■ PROBLEM DETAILS ■
Copy every line that holds the string "intros" from the data below.

■ SOURCE MATERIAL ■
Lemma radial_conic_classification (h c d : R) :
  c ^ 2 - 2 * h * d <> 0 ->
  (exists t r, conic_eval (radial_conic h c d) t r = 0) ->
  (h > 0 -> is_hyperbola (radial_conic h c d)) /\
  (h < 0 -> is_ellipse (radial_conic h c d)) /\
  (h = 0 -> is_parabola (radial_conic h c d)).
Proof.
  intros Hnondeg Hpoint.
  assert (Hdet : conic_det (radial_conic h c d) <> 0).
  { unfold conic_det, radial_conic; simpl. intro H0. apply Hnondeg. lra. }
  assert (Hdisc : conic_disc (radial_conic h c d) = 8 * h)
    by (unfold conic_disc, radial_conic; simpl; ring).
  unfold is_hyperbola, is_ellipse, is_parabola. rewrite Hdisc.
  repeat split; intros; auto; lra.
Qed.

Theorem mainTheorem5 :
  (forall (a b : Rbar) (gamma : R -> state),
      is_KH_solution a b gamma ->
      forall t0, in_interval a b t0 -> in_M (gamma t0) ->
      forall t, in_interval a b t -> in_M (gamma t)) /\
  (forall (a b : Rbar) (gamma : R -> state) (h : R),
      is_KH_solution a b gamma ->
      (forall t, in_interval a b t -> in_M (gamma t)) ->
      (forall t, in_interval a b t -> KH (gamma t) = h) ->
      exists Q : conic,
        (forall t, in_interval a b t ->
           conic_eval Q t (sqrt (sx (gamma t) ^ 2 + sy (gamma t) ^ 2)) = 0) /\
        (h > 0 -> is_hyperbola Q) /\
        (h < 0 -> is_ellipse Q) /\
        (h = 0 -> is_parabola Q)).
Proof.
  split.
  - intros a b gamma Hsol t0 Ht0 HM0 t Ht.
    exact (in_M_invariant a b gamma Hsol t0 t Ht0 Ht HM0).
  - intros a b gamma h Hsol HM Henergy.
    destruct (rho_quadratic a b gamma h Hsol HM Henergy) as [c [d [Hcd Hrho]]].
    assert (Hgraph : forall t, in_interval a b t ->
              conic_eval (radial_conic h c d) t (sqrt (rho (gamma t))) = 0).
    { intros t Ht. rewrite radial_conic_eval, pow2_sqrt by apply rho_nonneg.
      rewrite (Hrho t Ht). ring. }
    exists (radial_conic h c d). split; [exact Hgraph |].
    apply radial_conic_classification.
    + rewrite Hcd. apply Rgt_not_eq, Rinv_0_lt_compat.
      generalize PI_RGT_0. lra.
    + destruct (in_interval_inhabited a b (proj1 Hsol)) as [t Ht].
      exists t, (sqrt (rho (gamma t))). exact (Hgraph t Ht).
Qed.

■ RESPONSE AREA ■
  intros Hnondeg Hpoint.
  repeat split; intros; auto; lra.
  - intros a b gamma Hsol t0 Ht0 HM0 t Ht.
  - intros a b gamma h Hsol HM Henergy.
    { intros t Ht. rewrite radial_conic_eval, pow2_sqrt by apply rho_nonneg.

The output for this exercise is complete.